Do I just push it back or do I have to do anything extra such as a commit?

Bud Siddhisena said...

@Anonymous Yup just push foo to origin. As you can see it says

"# Your branch and 'origin/master' have diverged"

So you should be able to

$ git push origin master

Hopefully no one else has committed to origin where you'd have to pull & possibly deal with a merge conflict.

Anonymous said...

Thanks Bud for your reply. I'm still having some problems though and wouldn't mind a bit more much appreciated advice.

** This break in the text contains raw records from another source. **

(* Let f : U -> A be a homomorphism, K = k1(U) and phi k = f (k, 1); phi is a
   G-invariant homomorphism K -> A.  Once phi vanishes on K :&: G', it extends
   to K G' by killing G', and then to G one cyclic step at a time: an element
   of A of finite order is divisible by every n, since the torsion of A is
   locally cyclic and p-primary.  If F is such an extension, then
   (g, h) |-> F g + (f (g', h) - F g') for any (g', h) in U extends f.
   To see that phi vanishes on K :&: G', write k in K :&: G' as the boundary
   of a 2-chain z of G up to the base point.  The image w of z in G/K is a
   2-cycle on which the 2-cocycle of G/K obtained by transgressing phi takes
   the value -phi k.  The multiple of w by the p'-part of |G/K| is p-primary,
   so by (i) it is a boundary and by (ii) it is homologous to the image of a
   2-cycle of G; the cocycle vanishes on both.  Hence phi k is killed by a
   p'-number, and also by the p-part of |K|, so phi k = 0. *)

Local Open Scope ring_scope.

(** * Torsion of groups satisfying the Hypothesis *)

Section NatMul.
Variable A : zmodType.

Lemma natmul_order_dvd (g : A) (P t : nat) : (0 < P)%N -> g *+ P = 0 ->
  (forall k : nat, (0 < k < P)%N -> g *+ k != 0) -> g *+ t = 0 -> (P %| t)%N.
Proof.
move=> P_gt0 gP gk gt; apply/negPn/negP => P_ndvd_t.
have: g *+ (t %% P) = 0.
  by move: gt; rewrite {1}(divn_eq t P) mulrnDr mulnC mulrnA gP mul0rn add0r.
by apply/eqP/gk; rewrite lt0n P_ndvd_t ltn_pmod.
Qed.

Lemma natmul_coprime_eq0 (x : A) (m n : nat) : (0 < m)%N -> coprime m n ->
  x *+ m = 0 -> x *+ n = 0 -> x = 0.
Proof.
move=> m_gt0 /eqP co_mn xm xn; have [u v def_um _] := egcdnP n m_gt0.
rewrite co_mn in def_um.
have: x *+ (u * m) = x *+ (v * n + 1) by rewrite def_um.
by rewrite mulrnDr !(mulnC _ m) !(mulnC _ n) !mulrnA xm xn !mul0rn add0r.
Qed.

End NatMul.

Section HypothesisP.
Variables (p : nat) (A : zmodType).
Hypothesis hA : hypothesis_p p A.

Lemma torsion_p_part (x : A) (N : nat) : (0 < N)%N -> x *+ N = 0 -> x *+ N`_p = 0.
Proof.
move=> N_gt0 xN; have [a [tor [aP _]]] := hA N_gt0.
have [j ->] := (tor x).1 xN.
by rewrite -mulrnA mulnC mulrnA aP mul0rn.
Qed.

(* The (N * n)-torsion is cyclic of order P = N_p * n_p; an element of it
   killed by N is a multiple of n_p, and n_p' is invertible modulo P. *)
Lemma torsion_divisible (b : A) (N n : nat) : (0 < N)%N -> (0 < n)%N ->
  b *+ N = 0 -> exists a : A, a *+ n = b.
Proof.
move=> N_gt0 n_gt0 bN.
have Nn_gt0 : (0 < N * n)%N by rewrite muln_gt0 N_gt0.
have [g [tor [gP gk]]] := hA Nn_gt0.
have P_gt0 : (0 < (N * n)`_p)%N := part_gt0 p _.
have [k def_b] : exists k : nat, b = g *+ k by apply/tor; rewrite mulrnA bN mul0rn.
have P_dvd_kN : ((N * n)`_p %| k * N)%N.
  by apply: (natmul_order_dvd P_gt0 gP gk); rewrite mulrnA -def_b.
have [j def_k] : exists j : nat, k = (j * n`_p)%N.
  apply/dvdnP; rewrite -(Gauss_dvdl k (pnat_coprime (part_pnat p n) (part_pnat p^' N))).
  rewrite -(dvdn_pmul2l (part_gt0 p N)) mulnCA partnC //.
  by rewrite -partnM.
have co_P : coprime n`_p^' (N * n)`_p.
  by rewrite coprime_sym (pnat_coprime (part_pnat p _) (part_pnat p^' n)).
have [u v def_u _] := egcdnP (N * n)`_p (part_gt0 p^' n).
rewrite (eqP co_P) in def_u.
exists (g *+ (u * j)); rewrite -mulrnA def_b def_k -{1}(partnC p n_gt0).
have -> : (u * j * (n`_p * n`_p^'))%N = ((N * n)`_p * (j * n`_p * v) + j * n`_p)%N.
  rewrite (_ : u * j * (n`_p * n`_p^') = j * n`_p * (u * n`_p^'))%N; last by ring.
  by rewrite def_u; ring.
by rewrite mulrnDr mulrnA gP mul0rn add0r.
Qed.
End HypothesisP.

Local Open Scope group_scope.

(** * Extending homomorphisms into A *)

Section HomOn.
Variables (gT : finGroupType) (A : zmodType) (M : {group gT}) (th : gT -> A).
Hypothesis hth : hom_on M th.

Lemma hom_on1 : th 1 = 0.
Proof. by apply/(addrI (th 1)); rewrite -hth ?mulg1 ?addr0. Qed.

Lemma hom_onV x : x \in M -> th x^-1 = - th x.
Proof. by move=> xM; apply/(addrI (th x)); rewrite -hth ?groupV // mulgV hom_on1 subrr. Qed.

Lemma hom_onX x n : x \in M -> th (x ^+ n) = th x *+ n.
Proof.
move=> xM; elim: n => [|n IHn]; first by rewrite expg0 hom_on1.
by rewrite expgS hth ?groupX // IHn mulrS.
Qed.

Lemma hom_on_natmul_card x : x \in M -> th x *+ #|M| = 0.
Proof. by move=> xM; rewrite -hom_onX // expg_cardG // hom_on1. Qed.

Lemma hom_onJ x y : x \in M -> y \in M -> th (x ^ y) = th x.
Proof.
by move=> xM yM; rewrite /conjg !hth ?groupM ?groupV // hom_onV // addrCA addNr addr0.
Qed.

End HomOn.

Section ExtendAcrossCycle.
Variables (A : zmodType) (gT : finGroupType) (G M : {group gT}) (th : gT -> A).
Variable x : gT.
Hypotheses (sMG : M \subset G) (sG'M : G^`(1) \subset M) (xG : x \in G).
Hypotheses (hth : hom_on M th) (th_G' : {in G^`(1), forall c, th c = 0}).

Let nMG : M <| G := sub_der1_normal sG'M sMG.

Lemma hom_on_conjG m g : m \in M -> g \in G -> th (m ^ g) = th m.
Proof.
move=> mM gG; have mgG' : [~ m, g] \in G^`(1).
  by rewrite derg1; apply: mem_commg (subsetP sMG _ mM) gG.
by rewrite conjg_mulR hth ?(th_G' mgG') ?addr0 // (subsetP sG'M _ mgG').
Qed.

Let n := #[coset M x].

Lemma expg_mem_normal t : (x ^+ t \in M) = (n %| t)%N.
Proof.
have xN : x \in 'N(M) by rewrite (subsetP (normal_norm nMG)).
rewrite order_dvdn -morphX //=; apply/idP/eqP; first exact: coset_id.
by move/coset_idr; apply; rewrite groupX.
Qed.

Variable a : A.
Hypothesis def_a : a *+ n = th (x ^+ n).

Lemma hom_on_expg t : x ^+ t \in M -> th (x ^+ t) = a *+ t.
Proof.
rewrite expg_mem_normal => /dvdnP[j ->].
by rewrite mulnC expgM (hom_onX hth) ?expg_mem_normal // -def_a -mulrnA.
Qed.

(* y = m * x ^+ i with m in M is sent to th m + a *+ i: [a] is the image of x. *)
Definition extend_cycle (y : gT) : A :=
  if [pick i : 'I_#[x] | y * (x ^+ i)^-1 \in M] is Some i
  then th (y * (x ^+ i)^-1) + a *+ i else 0.

Lemma extend_cycle_indep y i j : y * (x ^+ i)^-1 \in M -> y * (x ^+ j)^-1 \in M ->
  th (y * (x ^+ i)^-1) + a *+ i = th (y * (x ^+ j)^-1) + a *+ j.
Proof.
wlog le_ij : i j / (i <= j)%N.
  by move=> W yi yj; case: (leqP i j) => [/W|/ltnW/W]; [apply | move=> e; rewrite e].
rewrite -(subnK le_ij); set d := (j - i)%N => yi yj.
have def_yi : y * (x ^+ i)^-1 = y * (x ^+ (d + i))^-1 * x ^+ d.
  by rewrite expgD invMg !mulgA mulgKV.
have xdM : x ^+ d \in M.
  by rewrite -(groupMl _ yj) -def_yi.
by rewrite def_yi hth // hom_on_expg // -addrA -mulrnDr addnC.
Qed.

Lemma extend_cycleE y i : y * (x ^+ i)^-1 \in M ->
  extend_cycle y = th (y * (x ^+ i)^-1) + a *+ i.
Proof.
rewrite /extend_cycle => yi; case: pickP => [j yj | none]; first exact: extend_cycle_indep.
have := none (Ordinal (ltn_pmod i (order_gt0 x))).
by rewrite /= expg_mod_order yi.
Qed.

Lemma hom_on_extend_cycle : hom_on (M <*> <[x]>) extend_cycle.
Proof.
have xN : x \in 'N(M) by rewrite (subsetP (normal_norm nMG)).
have decomp y : y \in M <*> <[x]> -> exists i : nat, y * (x ^+ i)^-1 \in M.
  rewrite norm_joinEr ?cycle_subG // => /mulsgP[m _ mM /cycleP[i ->] ->].
  by exists i; rewrite mulgK.
move=> y1 y2 /decomp[i1 y1M] /decomp[i2 y2M].
set m1 := y1 * _ in y1M *; set m2 := y2 * _ in y2M *.
have def_y12 : y1 * y2 * (x ^+ (i1 + i2))^-1 = m1 * m2 ^ (x ^+ i1)^-1.
  by rewrite /m1 /m2 expgD invMg /conjg invgK !mulgA !mulgKV.
have m2J : m2 ^ (x ^+ i1)^-1 \in M by rewrite memJ_norm // groupV groupX.
rewrite (extend_cycleE y1M) (extend_cycleE y2M) (extend_cycleE (i := i1 + i2)).
  by rewrite def_y12 hth // hom_on_conjG ?groupV ?groupX // mulrnDr addrACA.
by rewrite def_y12 groupM.
Qed.

Lemma extend_cycle_id : {in M, extend_cycle =1 th}.
Proof. by move=> y yM; rewrite (extend_cycleE (i := 0)) expg0 invg1 mulg1 ?addr0. Qed.

End ExtendAcrossCycle.

Lemma hom_on_extend_der1 p (A : zmodType) (gT : finGroupType) (G M : {group gT})
    (th : gT -> A) :
  hypothesis_p p A -> M \subset G -> G^`(1) \subset M -> hom_on M th ->
  {in G^`(1), forall c, th c = 0} ->
  exists F : gT -> A, hom_on G F /\ {in M, F =1 th}.
Proof.
move=> hA; have [k] := ubnP (#|G| - #|M|); elim: k => // k IHk in M th *.
move=> lt_k sMG sG'M hth th_G'.
have [sGM | /subsetPn[x xG notMx]] := boolP (G \subset M).
  have eqMG : M :=: G by apply/eqP; rewrite eqEsubset sMG.
  by exists th; rewrite -eqMG.
have xnM : x ^+ #[coset M x] \in M by rewrite (expg_mem_normal sMG sG'M xG).
have [a def_a] := torsion_divisible hA (cardG_gt0 M) (order_gt0 (coset M x))
  (hom_on_natmul_card hth xnM).
set J := (M <*> <[x]>)%G.
have sMJ : M \subset J := joing_subl _ _.
have sJG : J \subset G by rewrite join_subG sMG cycle_subG.
have xJ : x \in J := subsetP (joing_subr _ _) _ (cycle_id x).
have ltMJ : (#|M| < #|J|)%N by apply/proper_card/properP; split; last exists x.
have lt_k' : (#|G| - #|J| < k)%N by have := subset_leq_card sJG; lia.
have ext_id := extend_cycle_id sMG sG'M xG hth def_a.
have [|F [hF FJ]] := IHk J _ lt_k' sJG (subset_trans sG'M sMJ)
  (hom_on_extend_cycle sMG sG'M xG hth th_G' def_a).
  by move=> c cG'; rewrite ext_id ?th_G' ?(subsetP sG'M).
by exists F; split=> // y yM; rewrite FJ ?ext_id ?(subsetP sMJ).
Qed.

Section ExtendAcrossNormal.
Variables (A : zmodType) (gT : finGroupType) (K D : {group gT}) (phi : gT -> A).
Hypotheses (nDK : K \subset 'N(D)) (hphi : hom_on K phi).
Hypothesis phi_D : {in K :&: D, forall k, phi k = 0}.

Definition extend_normal (y : gT) : A :=
  if [pick k in K | k^-1 * y \in D] is Some k then phi k else 0.

Lemma extend_normalE y k : k \in K -> k^-1 * y \in D -> extend_normal y = phi k.
Proof.
move=> kK kyD; rewrite /extend_normal; case: pickP => [k' /andP[k'K k'yD] | /(_ k)].
  have kk'KD : k'^-1 * k \in K :&: D.
    rewrite inE groupM ?groupV //=.
    have -> : k'^-1 * k = (k'^-1 * y) * (k^-1 * y)^-1 by rewrite invMg invgK !mulgA mulgK.
    by rewrite groupM ?groupV.
  by rewrite -(mulKVg k' k) hphi ?(phi_D kk'KD) ?addr0 // groupM ?groupV.
by rewrite kK kyD.
Qed.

I try the push as advised but get knocked back (see below). When I do a pull to try to fix the conflicts I just pull down the folder which has been just removed with filter-branch. I gather that I may be able to force the push with -f. Any comments?

$ git push origin master
To git@bitbucket.org:xxx/yyy.git
! [rejected] master -> master (non-fast-forward)
error: failed to push some refs to 'git@bitbucket.org:xxx/yyy.git'
To prevent you from losing history, non-fast-forward updates were rejected
Merge the remote changes (e.g. 'git pull') before pushing again. See the
'Note about fast-forwards' section of 'git push --help' for details.

Many thanks.

Bud Siddhisena said...

@Anonymous Well it looks like you'll have to pull before you push. Make a backup of the directory and try a pull. If there is a conflict you'll have to fix it locally and then commit those changes before pushing.

Don't force it!

Have a read of my other blog post where I talk about using fetch instead of pull

http://www.geekaholic.org/2012/05/peer-to-peer-collaborative-development.html

Miro Spönemann said...

The filter-branch command in step 5 prunes commits that are empty after removing unwanted files. However, it does not remove merge commits that have become useless:

C
|\
B|
|/
A

In order to eliminate the useless merge commit C, a filter-branch command with parent-filter is required.